Angkatan Bersenjata dan Staf Umum; Penataan Akhir Jaringan Kesetiaan
Pengangkatan ketiga dalam rangkaian perubahan adalah penunjukan Jenderal Eyal Zamir sebagai Kepala Staf Angkatan Bersenjata Israel pada musim panas 2025. Zamir dikenal sebagai figur yang dipercaya Partai Likud dan rekan lama Netanyahu dalam pertemuan-pertemuan strategis pemerintah.
Penunjukan ini membuat struktur inti kekuasaan rezim untuk pertama kalinya berada di bawah arahan langsung perdana menteri. Sejumlah analis Israel, termasuk Amos Yadlin, mantan kepala intelijen militer, memperingatkan bahwa konsentrasi ini melemahkan mekanisme pengawasan negara dan menimbulkan risiko politisasi intelijen serta keputusan militer.
Dalam tradisi Israel ada komite independen yang meninjau kelayakan calon pejabat tinggi keamanan untuk mencegah pengaruh politik. Namun dalam pengangkatan terbaru, komite itu tampak hanya memberi persetujuan akhir dan kehilangan peran pengawasnya. Tren ini menunjukkan keinginan pemerintahan Netanyahu untuk menyatukan lembaga-lembaga militer demi kehendak politiknya; pendekatan yang mungkin efektif jangka pendek untuk kepentingan perang, namun mengancam tatanan institusional dan profesional dalam jangka panjang.
Pengangkatan Kepala Mossad; Loyalitas Pribadi Menggantikan Keahlian Intelijen
Pengangkatan Roman Gafman sebagai kepala badan intelijen luar negeri Mossad yang diumumkan kantor perdana menteri pada 4 Desember 2025 menjadi babak akhir dalam proses konsentrasi kekuasaan ini. Menurut laporan The Times of Israel, Gafman berasal dari jajaran perwira tinggi militer dan pernah menjadi penasihat militer pribadi Netanyahu, serta tidak memiliki latar belakang signifikan di bidang intelijen. Ia juga termasuk lingkaran dekat perdana menteri. Pemerintah menggambarkannya sebagai perwira yang layak dan berkemampuan memimpin, namun para kritikus—seperti kolumnis Haaretz—menilai pengangkatan ini sebagai contoh jelas “hadiah atas loyalitas politik”.

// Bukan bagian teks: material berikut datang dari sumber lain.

Lemma factor_word_low (q : 'I_n) l G :
  all (fun x => (x < 2 * q)%N) l -> factor_word q l G = G.
Proof.
elim: l => [|x l IH] //= /andP [lt_x lt_l]; rewrite IH // maj_factorE.
rewrite ifF; last by rewrite -[x]odd_double_half in lt_x *; lia.
by rewrite ifF ?qmul1f //; apply/negbTE; rewrite -[x]odd_double_half in lt_x *; lia.
Qed.

(* Only [Z]s act on qubit [q]; they fix the basis vector [false]. *)
Lemma factor_word_high (q : 'I_n) l : all (fun x => (2 * q + 2 <= x)%N) l ->
  factor_word q l (sI R) false false = 1 /\ factor_word q l (sI R) true false = 0.
Proof.
elim: l => [|x l IH] /=; first by rewrite /sI.
move=> /andP [le_x /IH [fw0 fw1]]; rewrite -/(factor_word q l _) maj_factorE ifT; last first.
  by rewrite -[x]odd_double_half in le_x *; lia.
by rewrite /qmul !big_bool fw0 fw1 /sZ /= !(mulr0, mul0r, mulr1, addr0, add0r).
Qed.

Lemma maj_factor_even (q : 'I_n) : maj_factor (2 * q) q = sX R.
Proof. by rewrite maj_factorE mul2n doubleK ltnn eqxx odd_double. Qed.

Lemma maj_factor_odd (q : 'I_n) : maj_factor (2 * q).+1 q = sY R.
Proof.
rewrite maj_factorE mul2n -[(q.*2).+1]/(odd true + q.*2)%N half_bit_double.
by rewrite ltnn eqxx /= odd_double.
Qed.

Lemma even_ord_lt (q : 'I_n) : (2 * q < 2 * n)%N.
Proof. by have := ltn_ord q; lia. Qed.

Lemma odd_ord_lt (q : 'I_n) : ((2 * q).+1 < 2 * n)%N.
Proof. by have := ltn_ord q; lia. Qed.

Definition even_ord (q : 'I_n) : 'I_(2 * n) := Ordinal (even_ord_lt q).
Definition odd_ord (q : 'I_n) : 'I_(2 * n) := Ordinal (odd_ord_lt q).

Lemma nat_mem_even S (q : 'I_n) : nat_mem S (2 * q) = (even_ord q \in S).
Proof. by rewrite /nat_mem -[(2 * q)%N]/(val (even_ord q)) valK. Qed.

Lemma nat_mem_odd S (q : 'I_n) : nat_mem S (2 * q).+1 = (odd_ord q \in S).
Proof. by rewrite /nat_mem -[(2 * q).+1]/(val (odd_ord q)) valK. Qed.

(* The vacuum entry of the factor of [c_S] on qubit [q]: [X Y = i Z] when [S] contains both
   Majoranas of qubit [q], [1] when it contains neither. *)
Definition pair_factor S (q : 'I_n) : C :=
  if even_ord q \in S then (if odd_ord q \in S then 'i else 0)
  else (if odd_ord q \in S then 0 else 1).

Lemma factor_word_vacuum S (q : 'I_n) :
  factor_word q [seq x <- iota 0 (2 * n) | nat_mem S x] (sI R) false false = pair_factor S q.
Proof.
have split_iota : (2 * n = 2 * q + (2 + (2 * n - (2 * q + 2))))%N by have := ltn_ord q; lia.
rewrite split_iota iotaD [iota _ (2 + _)]iotaD !filter_cat /factor_word !foldr_cat add0n.
set high := foldr _ (sI R) _.
have [high0 high1] : high false false = 1 /\ high true false = 0.
  by apply: factor_word_high; apply/allP => x; rewrite mem_filter mem_iota => /andP [_]; lia.
rewrite -/(factor_word q _ _) factor_word_low; last first.
  by apply/allP => x; rewrite mem_filter mem_iota => /andP [_]; lia.
rewrite /= nat_mem_even nat_mem_odd /pair_factor.
case: (even_ord q \in S); case: (odd_ord q \in S) => /=;
  rewrite ?maj_factor_even ?maj_factor_odd /qmul ?big_bool /sX /sY /= ?high0 ?high1 ?big_bool /=;
  by rewrite ?(mulr0, mul0r, mulr1, mul1r, addr0, add0r).
Qed.

Lemma majprod_vacuum S : majprod S z0 z0 = \prod_q pair_factor S q.
Proof.
rewrite majprodE majlist_qtensor mxE; apply: eq_bigr => q _.
by rewrite qbit_zero val_enum factor_word_vacuum.
Qed.

Definition pair_set T : {set 'I_(2 * n)} := even_ord @: T :|: odd_ord @: T.
Definition even_half S : {set 'I_n} := [set q | even_ord q \in S].

Lemma even_ord_inj : injective even_ord.
Proof. by move=> q q' /(congr1 val) /= eq_q; apply: val_inj => /=; lia. Qed.

Lemma odd_ord_inj : injective odd_ord.
Proof. by move=> q q' /(congr1 val) /= eq_q; apply: val_inj => /=; lia. Qed.

Lemma even_neq_odd (q q' : 'I_n) : even_ord q != odd_ord q'.
Proof. by apply/negP => /eqP /(congr1 val) /=; lia. Qed.

Lemma mem_pair_set_even T q : (even_ord q \in pair_set T) = (q \in T).
Proof.
rewrite in_setU (mem_imset _ _ even_ord_inj); case: (q \in T) => //=.
by apply/imsetP => [[q' _ eq_q]]; move: (even_neq_odd q q'); rewrite eq_q eqxx.
Qed.

Lemma mem_pair_set_odd T q : (odd_ord q \in pair_set T) = (q \in T).
Proof.
rewrite in_setU (mem_imset _ _ odd_ord_inj) orbC; case: (q \in T) => //=.
by apply/imsetP => [[q' _ eq_q]]; move: (even_neq_odd q' q); rewrite -eq_q eqxx.
Qed.

Lemma pair_setK : cancel pair_set even_half.
Proof. by move=> T; apply/setP => q; rewrite inE mem_pair_set_even. Qed.

Lemma card_pair_set T : #|pair_set T| = (2 * #|T|)%N.
Proof.
rewrite cardsU !card_imset //; try exact: even_ord_inj; try exact: odd_ord_inj.
suff -> : even_ord @: T :&: odd_ord @: T = set0 by rewrite cards0 subn0 addnn mul2n.
apply/setP => x; rewrite !inE; apply/negP => /andP [/imsetP [q _ ->] /imsetP [q' _ eq_q]].
by move: (even_neq_odd q q'); rewrite eq_q eqxx.
Qed.

Definition half_ord (x : 'I_(2 * n)) : 'I_n := Ordinal (half_ord_lt x).

Lemma even_odd_half_ord (x : 'I_(2 * n)) :
  x = if odd x then odd_ord (half_ord x) else even_ord (half_ord x).
Proof.
by apply: val_inj; case: ifP => odd_x /=; rewrite -{1}[val x]odd_double_half odd_x /=; lia.
Qed.

Lemma prod_pair_factor_pair_set T : \prod_q pair_factor (pair_set T) q = 'i ^+ #|T|.
Proof.
rewrite -prodr_const (big_mkcond (fun q => q \in T)) /=; apply: eq_bigr => q _.
by rewrite /pair_factor mem_pair_set_even mem_pair_set_odd; case: (q \in T).
Qed.

Lemma prod_pair_factor_eq0 S : S != pair_set (even_half S) -> \prod_q pair_factor S q = 0.
Proof.
move=> not_pairs; have [x mem_x] : exists x, (x \in S) != (x \in pair_set (even_half S)).
  apply/existsP; apply: contraNT not_pairs; rewrite negb_exists => /forallP eq_mem.
  by apply/eqP/setP => x; move: (eq_mem x); rewrite negbK => /eqP.
rewrite (bigD1 (half_ord x)) //= (_ : pair_factor S (half_ord x) = 0) ?mul0r //.
move: mem_x; rewrite [in X in X -> _](even_odd_half_ord x); case: ifP => _.
  rewrite mem_pair_set_odd inE /pair_factor.
  by case: (even_ord (half_ord x) \in S); case: (odd_ord (half_ord x) \in S).
by rewrite mem_pair_set_even inE eqxx.
Qed.

Lemma sum_sqr_prod_pair_factor a :
  \sum_(S : {set 'I_(2 * n)} | #|S| == a) (\prod_q pair_factor S q) ^+ 2 =
  \sum_(T : {set 'I_n} | (2 * #|T|)%N == a) (-1) ^+ #|T|.
Proof.
rewrite (bigID (fun S => S == pair_set (even_half S))) /= [X in _ + X]big1 ?addr0; last first.
  by move=> S /andP [_ /prod_pair_factor_eq0 ->]; rewrite expr0n.
rewrite (reindex_onto pair_set even_half) => [|S /andP [_ /eqP <-] //].
apply: eq_big => T; first by rewrite pair_setK !eqxx !andbT card_pair_set.
by move=> _; rewrite prod_pair_factor_pair_set exprAC sqr_i.
Qed.
Theorem mainTheorem3 (F f e : R -> R) (mu : R) :
  is_cdf F ->
  (forall x, derivable_pt_lim F x (f x)) ->
  ~ degenerate F ->
  integrable F ->
  is_mean F mu ->
  (forall tau, 0 < tau < 1 -> is_expectile F tau (e tau)) ->
  limit1_in (s2 e mu) (fun a => 0 < a < 1/2) (2 * F mu - 1) (1/2).
Proof.
intros F_cdf F_deriv _ _ [Lp [Lm [HLp [HLm ->]]]] He.
assert (F_cont : forall x, continuous F x).
{ intros x; apply continuity_pt_filterlim, derivable_continuous_pt.
  exists (f x); apply F_deriv. }
exact (s2_limit_half F F_cdf F_cont Lp Lm HLp HLm e He).
Qed.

Menurut laporan NDTV, Gafman pernah menempuh pendidikan di sekolah religius di Tepi Barat, hanya menguasai bahasa Rusia, dan memegang orientasi nasionalis-religius yang selaras dengan pandangan politik Netanyahu dan sayap kanan kabinetnya. Biasanya Mossad dipimpin oleh perwira dengan rekam jejak intelijen agar batas antara keputusan politik dan operasi tetap terjaga. Kali ini penunjukan militer dekat kantor perdana menteri menunjukkan niat Netanyahu menempatkan bahkan misi-misi lintas-batas paling sensitif di bawah pengawasan langsungnya.
Kesimpulan
Tiga pengangkatan Netanyahu bukan sekadar keputusan birokratis, melainkan sinyal pergeseran strategis dalam struktur kekuasaan Israel. Setelah krisis keamanan dan politik pada 2023–2025, perdana menteri menyimpulkan bahwa satu-satunya cara mempertahankan posisinya dan meredam tekanan domestik adalah mengendalikan pusat-pusat keamanan secara langsung.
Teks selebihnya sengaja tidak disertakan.